(* om is (a representative of) Omega_mu : its pullback by the quotient map
   equals Phi^* Omega on H_0(2) x (C^2 \ 0). *)
Definition is_Omega_mu (R : realType) (mu : R) (om : 'rV[R]_6 -> 'rV[R]_6 -> 'rV[R]_6 -> R) : Prop :=
  forall q : 'rV[R]_7, zetaof q != 0 ->
    forall u v : 'rV[R]_7,
      om (proj q) ('d (@proj R) q u) ('d (@proj R) q v)
      = Omega ('d (Phi mu) q u) ('d (Phi mu) q v).

Definition S_nu (R : realType) (nu : R) : set 'rV[R]_8 :=
  [set x | zeta x != 0 /\ hform (zeta x) 1%:M (zeta x) = Complex (- nu) 0
           /\ hform (zeta x) 1%:M (theta x) + hform (theta x) 1%:M (zeta x) = 0].

(* defining functions of S_nu (both are real-valued) *)
Definition cS1 (R : realType) (x : 'rV[R]_8) : R :=
  complex.Re (hform (zeta x) 1%:M (zeta x)).
Definition cS2 (R : realType) (x : 'rV[R]_8) : R :=
  complex.Re (hform (zeta x) 1%:M (theta x) + hform (theta x) 1%:M (zeta x)).
(* tangent space of the regular level set S_nu at x *)
Definition TS (R : realType) (x : 'rV[R]_8) : set 'rV[R]_8 :=
  [set v | 'd (@cS1 R) x v = 0 /\ 'd (@cS2 R) x v = 0].

From Pilot Require Import Defs.
From HB Require Import structures.
From mathcomp Require Import all_boot all_order all_algebra.
From mathcomp Require Import all_classical all_reals all_analysis.
From mathcomp Require Import complex.
From mathcomp Require Import ring lra.
Import Order.TTheory GRing.Theory Num.Theory.
Import numFieldNormedType.Exports.
Local Open Scope ring_scope.
Local Open Scope classical_set_scope.

(* In real coordinates Omega is a constant symplectic form and the components
   of J_e, J^0, Gamma^0 are quadratic polynomials, so their Hamiltonian vector
   fields Y = Omega^{-1} d(.) can be computed.  Evaluating dJ^a(Y_b) gives the
   Lie-Poisson tensor of E at J_e(x): J_e is a Poisson map, whence
   {H o J_e, K o J_e} = {H, K} o J_e = 0, while the fields of J^0 and Gamma^0
   are killed by every dJ^a.  On S_nu the same fields, corrected along
   Y_{Gamma^0} to become tangent to S_nu, do the job.  For Omega_mu one uses
   J_{e,mu} o pi = J_e o Phi, where pi is the Hopf-type projection (p, y):
   pushing forward by dpi the lifts U_b with dPhi(U_b) = Y_b gives Hamiltonian
   fields for the components of J_{e,mu}; pi is onto R^3 x (R^3 \ 0) and dpi
   has a right inverse.  K_2 = Gamma^2 is a Casimir of E. *)

Set Implicit Arguments. Unset Strict Implicit. Unset Printing Implicit Defensive.

Section RowCoordinates.
Variable R : realType.

Definition vrow (n : nat) (g : nat -> R) : 'rV[R]_n.+1 := \row_(i < n.+1) g i.

Lemma crd_vrow n g k : (k <= n)%N -> crd (vrow n g) k = g k.
Proof. by move=> hk; rewrite /crd /vrow mxE inordK. Qed.

Lemma vrow_sum_delta n g : vrow n g = \sum_(a < n.+1) g a *: 'e_a.
Proof.
apply/rowP => j; rewrite summxE (bigD1 j) //= big1 ?addr0.
  by rewrite !mxE !eqxx mulr1.
by move=> i /negbTE ij; rewrite !mxE eq_sym ij mulr0.
Qed.

Lemma row_eq_crd n (u w : 'rV[R]_n.+1) :
  (forall k, (k <= n)%N -> crd u k = crd w k) -> u = w.
Proof.
move=> h; apply/rowP => i; have := h i; rewrite /crd inord_val; apply.
by rewrite -ltnS ltn_ord.
Qed.

Definition ebasis n k : 'rV[R]_n.+1 := vrow n (fun j => (j == k)%:R).

Lemma row_sum_ebasis n (v : 'rV[R]_n.+1) : v = \sum_(k < n.+1) crd v k *: ebasis n k.
Proof.
apply/rowP => j; rewrite summxE (bigD1 j) //= big1 ?addr0.
  by rewrite !mxE eqxx mulr1 /crd inord_val.
by move=> i ij; rewrite !mxE (inj_eq val_inj) eq_sym (negbTE ij) mulr0.
Qed.

Lemma crd_delta n (b : 'I_n.+1) j :
  (j <= n)%N -> crd (delta_mx ord0 b : 'rV[R]_n.+1) j = (j == b)%:R.
Proof.
move=> hj; rewrite /crd mxE eqxx /=; congr ((_ : bool)%:R).
by rewrite -(inj_eq val_inj) /= inordK.
Qed.

Lemma crdBZ n (u w : 'rV[R]_n.+1) a k : crd (u - a *: w) k = crd u k - a * crd w k.
Proof. by rewrite /crd !mxE. Qed.

End RowCoordinates.
Arguments ebasis {R} n k.

Section Differentials.
Variable R : realType.

Lemma is_diff_crd n k (x : 'rV[R]_n.+1) :
  is_diff x (fun y : 'rV[R]_n.+1 => crd y k) (fun v => crd v k).
Proof.
have lin : linear (fun y : 'rV[R]_n.+1 => crd y k) by move=> a u v; rewrite /crd !mxE.
pose f : {linear 'rV[R]_n.+1 -> R^o} :=
  HB.pack (fun y : 'rV[R]_n.+1 => crd y k) (GRing.isLinear.Build _ _ _ _ _ lin).
have fc : continuous f by move=> y; exact: coord_continuous.
apply: DiffDef; first exact: (linear_differentiable _ fc).
exact: (diff_lin _ fc).
Qed.

Lemma is_diff_sum (U V : normedModType R) (I : Type) (r : seq I) (g dg : I -> U -> V)
    (x : U) :
  (forall i, is_diff x (g i) (dg i)) ->
  is_diff x (fun y => \sum_(i <- r) g i y) (fun v => \sum_(i <- r) dg i v).
Proof.
move=> hg; elim: r => [|a r IH].
  have -> : (fun y => \sum_(i <- [::]) g i y) = cst 0.
    by apply/funext => y; rewrite big_nil.
  by apply: is_diff_eq (is_diff_cst 0 x) _; apply/funext => v; rewrite big_nil.
have -> : (fun y => \sum_(i <- a :: r) g i y) = g a + (fun y => \sum_(i <- r) g i y).
  by apply/funext => y; rewrite big_cons.
by apply: is_diff_eq (is_diffD (hg a) IH) _; apply/funext => v; rewrite big_cons.
Qed.

Lemma is_diff_scalel (U V : normedModType R) (k dk : U -> R) (c : V) x :
  is_diff x k dk -> is_diff x (fun z => k z *: c) (fun v => dk v *: c).
Proof.
move=> hk; apply: DiffDef; first exact: differentiableZl.
by rewrite diffZl // diff_val.
Qed.

Lemma is_diff_vrow n m (f : nat -> 'rV[R]_n -> R) (x : 'rV[R]_n) :
  (forall k, differentiable (f k) x) ->
  is_diff x (fun y => vrow m (fun k => f k y)) (fun v => vrow m (fun k => 'd (f k) x v)).
Proof.
move=> hf; under eq_fun do rewrite vrow_sum_delta.
apply: is_diff_eq (is_diff_sum _ (fun a => is_diff_scalel 'e_a (differentiableP (hf a)))) _.
by apply/funext => v; rewrite vrow_sum_delta.
Qed.

Lemma diff_comp_vrow n m (F : 'rV[R]_n -> 'rV[R]_m.+1) (f : nat -> 'rV[R]_n -> R)
    (H : 'rV[R]_m.+1 -> R) x v :
  (forall y, F y = vrow m (fun k => f k y)) ->
  (forall k, differentiable (f k) x) -> differentiable H (F x) ->
  'd (H \o F) x v = \sum_(a < m.+1) 'd (f a) x v * pd H (F x) a.
Proof.
move=> hF hf hH.
have dF : is_diff x F (fun v => vrow m (fun k => 'd (f k) x v)).
  by rewrite (funext hF); exact: is_diff_vrow.
rewrite diff_comp //= (diff_val (f := F)) vrow_sum_delta linear_sum.
by apply: eq_bigr => a _; rewrite linearZ.
Qed.

Lemma smooth_differentiable n (H : 'rV[R]_n -> R) :
  smooth H -> forall w, differentiable H w.
Proof. by move=> sH; have [] := sH 1%N. Qed.

(* Polynomials of degree at most two in the coordinates, given by their lists
   of quadratic monomials [c x_i x_j] and linear monomials [c x_i]; written with
   [foldr] so that they unfold by computation on explicit lists. *)
Definition quad n (Q : seq (R * nat * nat)) (L : seq (R * nat)) (x : 'rV[R]_n.+1) : R :=
  foldr (fun m s => m.1.1 * (crd x m.1.2 * crd x m.2) + s)
    (foldr (fun m s => m.1 * crd x m.2 + s) 0 L) Q.

Definition dquad n Q L (x v : 'rV[R]_n.+1) : R :=
  foldr (fun m s => m.1.1 * (crd x m.1.2 * crd v m.2 + crd v m.1.2 * crd x m.2) + s)
    (foldr (fun m s => m.1 * crd v m.2 + s) 0 L) Q.

Lemma is_diff_quad n Q L (x : 'rV[R]_n.+1) : is_diff x (quad Q L) (dquad Q L x).
Proof.
elim: Q => [|[[c i] j] Q IHQ].
  elim: L => [|[c i] L IHL]; first exact: is_diff_cst.
  exact: is_diffD (is_diffZ c (is_diff_crd i x)) IHL.
apply: is_diff_eq
  (is_diffD (is_diffZ c (is_diffM (is_diff_crd i x) (is_diff_crd j x))) IHQ) _.
apply/funext => v.
change (c * (crd x i * crd v j + crd x j * crd v i) + dquad Q L x v
        = c * (crd x i * crd v j + crd v i * crd x j) + dquad Q L x v); ring.
Qed.

Lemma diff_quadE n Q L (x : 'rV[R]_n.+1) : 'd (quad Q L) x = dquad Q L x :> (_ -> _).
Proof. by have h := is_diff_quad Q L x; rewrite diff_val. Qed.

Lemma diff_quad n Q L (x v : 'rV[R]_n.+1) : 'd (quad Q L) x v = dquad Q L x v.
Proof. by rewrite diff_quadE. Qed.

Lemma differentiable_quad n Q L (x : 'rV[R]_n.+1) : differentiable (quad Q L) x.
Proof. by have h := is_diff_quad Q L x; exact: ex_diff. Qed.

Definition grad n Q L (x : 'rV[R]_n.+1) k : R :=
  foldr (fun m s => m.1.1 * (crd x m.1.2 * (m.2 == k)%:R + (m.1.2 == k)%:R * crd x m.2) + s)
    (foldr (fun m s => m.1 * (m.2 == k)%:R + s) 0 L) Q.

Lemma dquad_ebasis n Q L (x : 'rV[R]_n.+1) k :
  all (fun m => (m.1.2 <= n) && (m.2 <= n))%N Q -> all (fun m => m.2 <= n)%N L ->
  dquad Q L x (ebasis n k) = grad Q L x k.
Proof.
rewrite /dquad /grad; elim: Q => [_ /=|[[c i] j] Q IHQ /= /andP[/andP[hi hj] hQ] hL].
  elim: L => [//|[c i] L IHL /= /andP[hi hL]].
  by rewrite IHL // /ebasis crd_vrow.
by rewrite IHQ // /ebasis !crd_vrow.
Qed.

Lemma dquadBZ n Q L (x u w : 'rV[R]_n.+1) a :
  dquad Q L x (u - a *: w) = dquad Q L x u - a * dquad Q L x w.
Proof. by rewrite -!diff_quad linearB linearZ. Qed.

End Differentials.

Section HamiltonianFields.
Variables (R : realType) (n : nat) (T : set 'rV[R]_n) (om : 'rV[R]_n -> 'rV[R]_n -> R).
Variable x : 'rV[R]_n.
Hypothesis om_anti : forall u v, T u -> T v -> om u v = - om v u.

Definition hamiltonian_at (g : 'rV[R]_n -> R) (Y : 'rV[R]_n) :=
  T Y /\ forall v, T v -> om Y v = 'd g x v.

Lemma poisson_commute_hamiltonian f g Y :
  hamiltonian_at g Y -> 'd f x Y = 0 -> poisson_commute_at T om f g x.
Proof.
move=> [TY hY] dfY Xf Xg TXf TXg hXf hXg.
by rewrite om_anti // hXg // -hY // om_anti // hXf // dfY opprK.
Qed.

Section PoissonMap.
Variables (Phi : 'rV[R]_n -> 'rV[R]_6) (psi : nat -> 'rV[R]_n -> R) (Y : 'I_6 -> 'rV[R]_n).
Hypothesis PhiE : forall y, Phi y = vrow 5 (fun k => psi k y).
Hypothesis psi_diff : forall k, differentiable (psi k) x.
Hypothesis psi_ham : forall b : 'I_6, hamiltonian_at (psi b) (Y b).

Lemma poisson_map_commute (F G : 'rV[R]_6 -> R) :
  (forall a b : 'I_6, 'd (psi a) x (Y b) = Defs.piE (Phi x) a b) ->
  (forall w, differentiable F w) -> (forall w, differentiable G w) ->
  LP_bracket F G (Phi x) = 0 ->
  poisson_commute_at T om (F \o Phi) (G \o Phi) x.
Proof.
move=> bracket dF dG hFG Xf Xg TXf TXg hXf hXg; rewrite -hFG.
have chain H v : (forall w, differentiable H w) ->
    'd (H \o Phi) x v = \sum_(a < 6) 'd (psi a) x v * pd H (Phi x) a.
  by move=> dH; apply: diff_comp_vrow.
rewrite om_anti // hXg // chain // -sumrN /LP_bracket exchange_big.
apply: eq_bigr => b _; have [TY hY] := psi_ham b.
rewrite -hY // om_anti // mulNr opprK hXf // chain // mulr_suml.
by apply: eq_bigr => a _; rewrite bracket.
Qed.

Lemma casimir_commute (F : 'rV[R]_6 -> R) (g : 'rV[R]_n -> R) Z :
  hamiltonian_at g Z -> (forall a : 'I_6, 'd (psi a) x Z = 0) ->
  (forall w, differentiable F w) -> poisson_commute_at T om (F \o Phi) g x.
Proof.
move=> hZ psiZ dF; apply: poisson_commute_hamiltonian hZ _.
rewrite (diff_comp_vrow _ PhiE) //; apply: big1 => a _.
by rewrite psiZ mul0r.
Qed.

End PoissonMap.
End HamiltonianFields.

Section ComplexCoordinates.
Variable R : realType.

Lemma widen_ord_max_2 : widen_ord (leqnSn 1) ord_max = ord0 :> 'I_2. Proof. exact: val_inj. Qed.

Lemma hformE (u v : 'cV[R[i]]_2) M : hform u M v =
  (u ord0 ord0)^*%C * (M ord0 ord0 * v ord0 ord0 + M ord0 ord_max * v ord_max ord0)
  + (u ord_max ord0)^*%C * (M ord_max ord0 * v ord0 ord0 + M ord_max ord_max * v ord_max ord0).
Proof. rewrite /hform /hc !(mxE, big_ord_recr, big_ord0) /= !widen_ord_max_2; ring. Qed.

Lemma theta_zetaE (x : 'rV[R]_8) :
  [/\ theta x ord0 ord0 = Complex (crd x 0) (crd x 1),
      theta x ord_max ord0 = Complex (crd x 2) (crd x 3),
      zeta x ord0 ord0 = Complex (crd x 4) (crd x 5)
    & zeta x ord_max ord0 = Complex (crd x 6) (crd x 7)].
Proof. by rewrite !mxE. Qed.

End ComplexCoordinates.

Section SymplecticStructure.
Variable R : realType.
Implicit Types (x u v : 'rV[R]_8).

Lemma OmegaE u v : Omega u v =
  2 * (crd u 4 * crd v 0 + crd u 5 * crd v 1 + crd u 6 * crd v 2 + crd u 7 * crd v 3)
  - 2 * (crd u 0 * crd v 4 + crd u 1 * crd v 5 + crd u 2 * crd v 6 + crd u 3 * crd v 7).
Proof.
rewrite /Omega !hformE; case: (theta_zetaE u) => -> -> -> ->.
by case: (theta_zetaE v) => -> -> -> ->; rewrite !mxE /=; ring.
Qed.

Lemma Omega_anti u v : Omega u v = - Omega v u.
Proof. rewrite !OmegaE; ring. Qed.

Lemma Omega_self u : Omega u u = 0.
Proof. rewrite OmegaE; ring. Qed.

Lemma OmegaBZl u w v a : Omega (u - a *: w) v = Omega u v - a * Omega w v.
Proof. rewrite !OmegaE !crdBZ; ring. Qed.

(* Omega^{-1} applied to a covector l : the unique Y with Omega(Y, .) = l. *)
Definition hamOmega (l : 'rV[R]_8 -> R) : 'rV[R]_8 :=
  vrow 7 (fun k => if (k < 4)%N then - l (ebasis 7 k.+4) / 2 else l (ebasis 7 (k - 4)%N) / 2).

Lemma Omega_hamOmega (l : {linear 'rV[R]_8 -> R^o}) v : Omega (hamOmega l) v = l v.
Proof.
rewrite {2}(row_sum_ebasis v) linear_sum !big_ord_recr big_ord0 /= !linearZ /= /GRing.scale /=.
rewrite OmegaE /hamOmega !crd_vrow //= ?subSS ?subn0; by field.
Qed.

Lemma Omega_hamOmega_quad Q L x v : Omega (hamOmega (dquad Q L x)) v = dquad Q L x v.
Proof. by rewrite -diff_quadE Omega_hamOmega. Qed.

Lemma hamOmega_quad Q x : all (fun m => (m.1.2 <= 7) && (m.2 <= 7))%N Q ->
  hamOmega (dquad Q [::] x) =
  vrow 7 (fun k => if (k < 4)%N then - grad Q [::] x k.+4 / 2 else grad Q [::] x (k - 4)%N / 2).
Proof. by move=> hQ; congr vrow; apply/funext => k; rewrite !dquad_ebasis. Qed.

• • •

Aim of the task:
Whenever the word "linearZ" appears in a line above, copy that line.

Written answer:
by apply: eq_bigr => a _; rewrite linearZ.
Proof. by rewrite -!diff_quad linearB linearZ. Qed.
rewrite {2}(row_sum_ebasis v) linear_sum !big_ord_recr big_ord0 /= !linearZ /= /GRing.scale /=.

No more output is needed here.